Visdom will create a small web application and send all plots to it, so that you can just let your model train on a server and see e.g. the loss curves, segmentation output etc. in your web browser.
Matplotlib will create the plots on your machine, which is sometimes not desired, e.g. if you just connect via SSH.

4 Likes

I think this tutorial is very useful for the task.
https://pytorch.org/tutorials/beginner/finetuning_torchvision_models_tutorial.html#model-training-and-validation-code

1 Like

In this example, why is the running loss multiplied by inputs.size(0)?

1 Like

I wrote livelossplot (live training loss plot in Jupyter Notebook for Keras, PyTorch and others) exactly for that purpose.

PyTorch example: https://github.com/stared/livelossplot/blob/master/examples/pytorch.ipynb

5 Likes

I concur with using visdom.

I recommend putting the code that handles drawing the visualizations in a different module for clarity, e.g.:

# module visualizations.py
from datetime import datetime
import visdom

class Visualizations:
    def __init__(self, env_name=None):
        if env_name is None:
            env_name = str(datetime.now().strftime("%d-%m %Hh%M"))
        self.env_name = env_name
        self.vis = visdom.Visdom(env=self.env_name)
        self.loss_win = None

    def plot_loss(self, loss, step):
        self.loss_win = self.vis.line(
            [loss],
            [step],
            win=self.loss_win,
            update='append' if self.loss_win else None,
            opts=dict(
                xlabel='Step',
                ylabel='Loss',
                title='Loss (mean per 10 steps)',
            )
        )

# module train.py
(...)

def train():
    (...)
    
    # Initialize the visualization environment
    vis = Visualizations()

    # Training loop
    loss_values = []
    for step, input in enumerate(loader):
        # Forward pass
        output = model(input)
        loss = model.loss(output)
        loss_values.append(loss.item())
    
        # Backward pass
        model.zero_grad()
        loss.backward()
        optimizer.step()
    
        # Visualization data
        if step % 10 == 0:
            vis.plot_loss(np.mean(loss_values), step)
            loss_values.clear()

Visdom is partially documented on its github page, and I found the demo they provide to answer a lot of my questions on the usage.

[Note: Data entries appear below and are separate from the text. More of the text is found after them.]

(* For coprime m, n the form is coprime to 2 m n (m + n): it is odd, and it is
   congruent to a cube of a unit modulo each of m, n and m + n. *)
Lemma rel_prime_cube a b : rel_prime a b -> rel_prime a (b * b * b).
Proof. intros H. repeat apply rel_prime_mult; auto. Qed.

Lemma rel_prime_shift a b k : rel_prime a b -> rel_prime a (b + k * a).
Proof.
  intros H. apply Zgcd_1_rel_prime. rewrite Z.gcd_add_mult_diag_r.
  now apply Zgcd_1_rel_prime.
Qed.

Lemma thue_form_odd m n : rel_prime m n -> Z.odd (thue_form m n) = true.
Proof.
  intros H. destruct (Z.odd m) eqn:Om, (Z.odd n) eqn:On;
    try (unfold thue_form; rewrite !Z.odd_add, !Z.odd_mul, Om, On; reflexivity).
  exfalso. pose proof (Z.div2_odd m) as Em. pose proof (Z.div2_odd n) as En.
  rewrite Om in Em. rewrite On in En. simpl Z.b2z in Em, En.
  destruct H as [_ _ Hg].
  assert (D : (2 | 1)) by (apply Hg; [exists (Z.div2 m)|exists (Z.div2 n)]; lia).
  apply Z.divide_1_r in D. lia.
Qed.

Lemma thue_form_coprime m n : Z.gcd m n = 1 ->
  Z.gcd (thue_form m n) (2 * m * n * (m + n)) = 1.
Proof.
  intros H. apply Zgcd_1_rel_prime in H. apply Zgcd_1_rel_prime.
  apply rel_prime_mult; [apply rel_prime_mult; [apply rel_prime_mult|]|];
    apply rel_prime_sym.
  - pose proof (Z.div2_odd (thue_form m n)) as E.
    rewrite (thue_form_odd m n H) in E. simpl Z.b2z in E. rewrite E.
    replace (2 * Z.div2 (thue_form m n) + 1) with (1 + Z.div2 (thue_form m n) * 2) by ring.
    apply rel_prime_shift, rel_prime_sym, rel_prime_1.
  - replace (thue_form m n) with (n * n * n + (m + n) * (m + n) * m) by (unfold thue_form; ring).
    apply rel_prime_shift, rel_prime_cube, H.
  - replace (thue_form m n) with (m * m * m + (2 * m * m + m * n + n * n) * n)
      by (unfold thue_form; ring).
    apply rel_prime_shift, rel_prime_cube, rel_prime_sym, H.
  - replace (thue_form m n) with (n * n * n + (m * (m + n)) * (m + n))
      by (unfold thue_form; ring).
    apply rel_prime_shift, rel_prime_cube, Zgcd_1_rel_prime.
    replace (m + n) with (m + 1 * n) by ring.
    rewrite Z.gcd_comm, Z.gcd_add_mult_diag_r, Z.gcd_comm. now apply Zgcd_1_rel_prime.
Qed.

End CubicThue.

From mathcomp Require Import all_boot all_order all_algebra.
From mathcomp Require Import ring zify.
From mathcomp.zify Require Import ssrZ.
Import Order.TTheory GRing.Theory Num.Theory.
Local Open Scope ring_scope.

(* For a 3-cycle x -> y -> z -> x the
   pairwise sums t = x + y, u = y + z, v = z + x satisfy t u v = 1 (multiply the
   three relations y - z = (x - y) t, ...) and 1 + t + t u = 0 (sum them). *)
Lemma cycle_sum_relations (c x y z : rat) :
  y = x ^+ 2 + c -> z = y ^+ 2 + c -> x = z ^+ 2 + c -> y != x ->
  (x + y) * (y + z) * (z + x) = 1 /\ 1 + (x + y) + (x + y) * (y + z) = 0.
Proof.
  move=> Ey Ez Ex; rewrite eq_sym -subr_eq0 => hd.
  have E1 : y - z = (x - y) * (x + y) by rewrite {1}Ey Ez; ring.
  have E2 : z - x = (y - z) * (y + z) by rewrite {1}Ez Ex; ring.
  have E3 : x - y = (z - x) * (z + x) by rewrite {1}Ex Ey; ring.
  split; apply: (mulfI hd).
  - by rewrite mulr1 {2}E3 E2 E1; ring.
  - rewrite mulr0 -[RHS](_ : (x - y) + (y - z) + (z - x) = 0); last by ring.
    by rewrite E2 E1; ring.
Qed.

Lemma cycle_param_t (c x : rat) : min_period3 c x -> exists t : rat, t != 0 /\ 1 + t != 0 /\
  x = (t + (1 + t) / t - 1 / (1 + t)) / 2 /\ c = t - x - x ^+ 2.
Proof.
  case=> /= Hx Hk.
  have hy : fc c x != x by apply/eqP; apply: (Hk 1%N).
  have [] := @cycle_sum_relations c x (fc c x) (fc c (fc c x)) erefl erefl (esym Hx) hy.
  set y := fc c x; set t := x + y; set u := y + _; set v := _ + x => Htuv Hs.
  have ht : t != 0.
    by apply/eqP => t0; move: Htuv; rewrite t0 !mul0r => /eqP; rewrite eq_sym oner_eq0.
  have ht1 : 1 + t != 0.
    apply/eqP => Et; have tu0 : t * u = 0 by rewrite -[t * u]add0r -Et Hs.
    by move: Htuv; rewrite tu0 mul0r => /eqP; rewrite eq_sym oner_eq0.
  have Hu : u = - (1 + t) / t.
    by apply: (mulfI ht); rewrite mulrCA divff // mulr1 -[RHS]add0r -Hs; ring.
  have hu : u != 0 by rewrite Hu mulf_neq0 ?oppr_eq0 ?invr_eq0.
  have Hv : v = - 1 / (1 + t).
    by apply: (mulfI (mulf_neq0 ht hu)); rewrite Htuv Hu; field; rewrite ht ht1.
  exists t; do 2!split => //; split.
  - have -> : x = (t - u + v) / 2 by rewrite /t /u /v; field.
    by rewrite Hu Hv; field; rewrite ht ht1.
  - by rewrite /t /y /fc; ring.
Qed.

Definition t1 (m n : int) : int := m * m * m + 2 * m * m * n + m * n * n + n * n * n.
Definition cycle_den (m n : int) : int := 2 * m * n * (m + n).
Definition A_form (a b : rat) : rat :=
  a ^+ 6 + 2 * a ^+ 5 * b + 4 * a ^+ 4 * b ^+ 2 + 8 * a ^+ 3 * b ^+ 3
  + 9 * a ^+ 2 * b ^+ 4 + 4 * a * b ^+ 5 + b ^+ 6.
Definition B_form (a b : rat) : rat := 4 * a ^+ 2 * b ^+ 2 * (a + b) ^+ 2.
Definition c_param (m n : int) : rat := - A_form m%:~R n%:~R / B_form m%:~R n%:~R.

Lemma cycle_param (c x : rat) : min_period3 c x -> exists m n : int,
  0 < n /\ coprimez m n /\ m != 0 /\ m + n != 0 /\
  x = (t1 m n)%:~R / (cycle_den m n)%:~R /\ c = c_param m n.
Proof.
  move=> /cycle_param_t [t [ht [ht1 [Ex Ec]]]].
  exists (numq t), (denq t); set m := numq t; set n := denq t.
  have Et : t = m%:~R / n%:~R by rewrite divq_num_den.
  have hm : m != 0 by rewrite numq_eq0.
  have hN : (n%:~R : rat) != 0 by rewrite intr_eq0 denq_neq0.
  have hmn : m + n != 0.
    apply: contra_neq ht1 => Emn.
    have -> : 1 + t = (m + n)%:~R / n%:~R by rewrite Et; field.
    by rewrite Emn mul0r.
  have hM : (m%:~R : rat) != 0 by rewrite intr_eq0.
  have hMN : (m%:~R + n%:~R : rat) != 0 by rewrite -rmorphD /= intr_eq0.
  split; first exact: denq_gt0.
  split; first by rewrite /m /n coprimezE coprime_num_den.
  do 2!split => //.
  split; [rewrite Ex | rewrite Ec Ex]; rewrite Et /t1 /cycle_den /c_param /A_form /B_form;
    by field; rewrite hM hN hMN.
Qed.

Lemma t1_coprime (m n : int) : coprimez m n -> coprimez (t1 m n) (cycle_den m n).
Proof.
  have coprimezE_Z (a b : int) :
    coprimez a b = Z.eqb (Z.gcd (Z_of_int a) (Z_of_int b)) 1 by lia.
  rewrite !coprimezE_Z => /Z.eqb_eq H; apply/Z.eqb_eq.
  have -> : Z_of_int (t1 m n) = CubicThue.thue_form (Z_of_int m) (Z_of_int n).
    by rewrite /t1 /CubicThue.thue_form; lia.
  have -> : Z_of_int (cycle_den m n) = (2 * Z_of_int m * Z_of_int n * (Z_of_int m + Z_of_int n))%Z.
    by rewrite /cycle_den; lia.
  exact: CubicThue.thue_form_coprime.
Qed.

Lemma numq_cycle_point (m n : int) : coprimez m n -> m != 0 -> n != 0 -> m + n != 0 ->
  `|numq ((t1 m n)%:~R / (cycle_den m n)%:~R : rat)| = `|t1 m n|.
Proof.
  move=> cop hm hn hmn.
  rewrite coprimeq_num; last by rewrite -coprimezE; apply: t1_coprime.
  by rewrite normrM normr_sg /cycle_den !mulf_neq0 // mul1r.
Qed.

Lemma min_period3_fc (c x : rat) : min_period3 c x -> min_period3 c (fc c x).
Proof.
  case=> /= H3 Hk; have /= H1 := Hk 1%N erefl.
  split=> [|[|[|[|k]]]] //=; first by rewrite H3.
  - by move=> _ E; apply: H1; rewrite -{1}H3 E.
  - by move=> _ E; apply: H1; rewrite -{1}E.
Qed.

(* The integral solutions of the Thue equations with n > 0 (the others are their
   negatives, which give the same cycle). *)
Definition thue_pos_sols : seq (int * int) :=
  [:: (-3, 1); (1, 2); (2, 1); (-9, 5); (-4, 3); (-1, 3); (-2, 3)].

Lemma thue_pos (m n : int) : `|t1 m n| \in [:: 11; 17; 19; 23; 25] -> 0 < n ->
  (m, n) \in thue_pos_sols.
Proof.
  move=> HK hn.
  have : In (Z.abs (CubicThue.thue_form (Z_of_int m) (Z_of_int n))) CubicThue.thue_rhs.
    have -> : Z.abs (CubicThue.thue_form (Z_of_int m) (Z_of_int n)) = Z_of_int `|t1 m n|.
      by rewrite /t1 /CubicThue.thue_form; lia.
    by move: HK; rewrite !inE; repeat case/orP; move/eqP => ->; vm_compute; tauto.
  move: hn => /[swap] /CubicThue.thue_solutions; rewrite /CubicThue.thue_sols; cbn [List.In].
  have Zint_eq (z : Z) (a : int) : z = Z_of_int a -> a = int_of_Z z by move->; rewrite Z_of_intK.
  by do ![case=> [[/Zint_eq -> /Zint_eq ->] // | ]].
Qed.

Definition table (k : int) (c : rat) : Prop :=
     (k = 11 /\ c = - 421 / 144)
  \/ (k = 17 /\ c = - 421 / 144)
  \/ (k = 19 /\ c = - 301 / 144)
  \/ (k = 19 /\ c = - (337 * 673) / 360 ^+ 2)
  \/ (k = 23 /\ c = - 43 ^+ 2 / 24 ^+ 2)
  \/ (k = 23 /\ c = - 301 / 144)
  \/ (k = 25 /\ c = - 421 / 144).

Lemma thue_pos_table (m n : int) : (m, n) \in thue_pos_sols -> table `|t1 m n| (c_param m n).
Proof.
  rewrite /table /c_param /A_form /B_form !inE => H.
  repeat case/orP: H => [/eqP[-> ->]|H]; last move/eqP: H => [-> ->].
  all: do ?[by left; split; [|field] | right]; by split; [|field].
Qed.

For more complex plots, use matplotlib and embed them using vis.matplot.

Here is an example of a visdom environment:

8 Likes

Hi. Is there a way to use Visdom in google colab?

I’m not sure, as I’m not using Colab that much.
However, you could have a look at this Visdom issue, so that the Visdom devs could also have a look. :wink:

Livelossplot was very helpful. It was exactly what I needed for my notebooks. I used it with both PyTorch and Keras and the usage was very straightforward.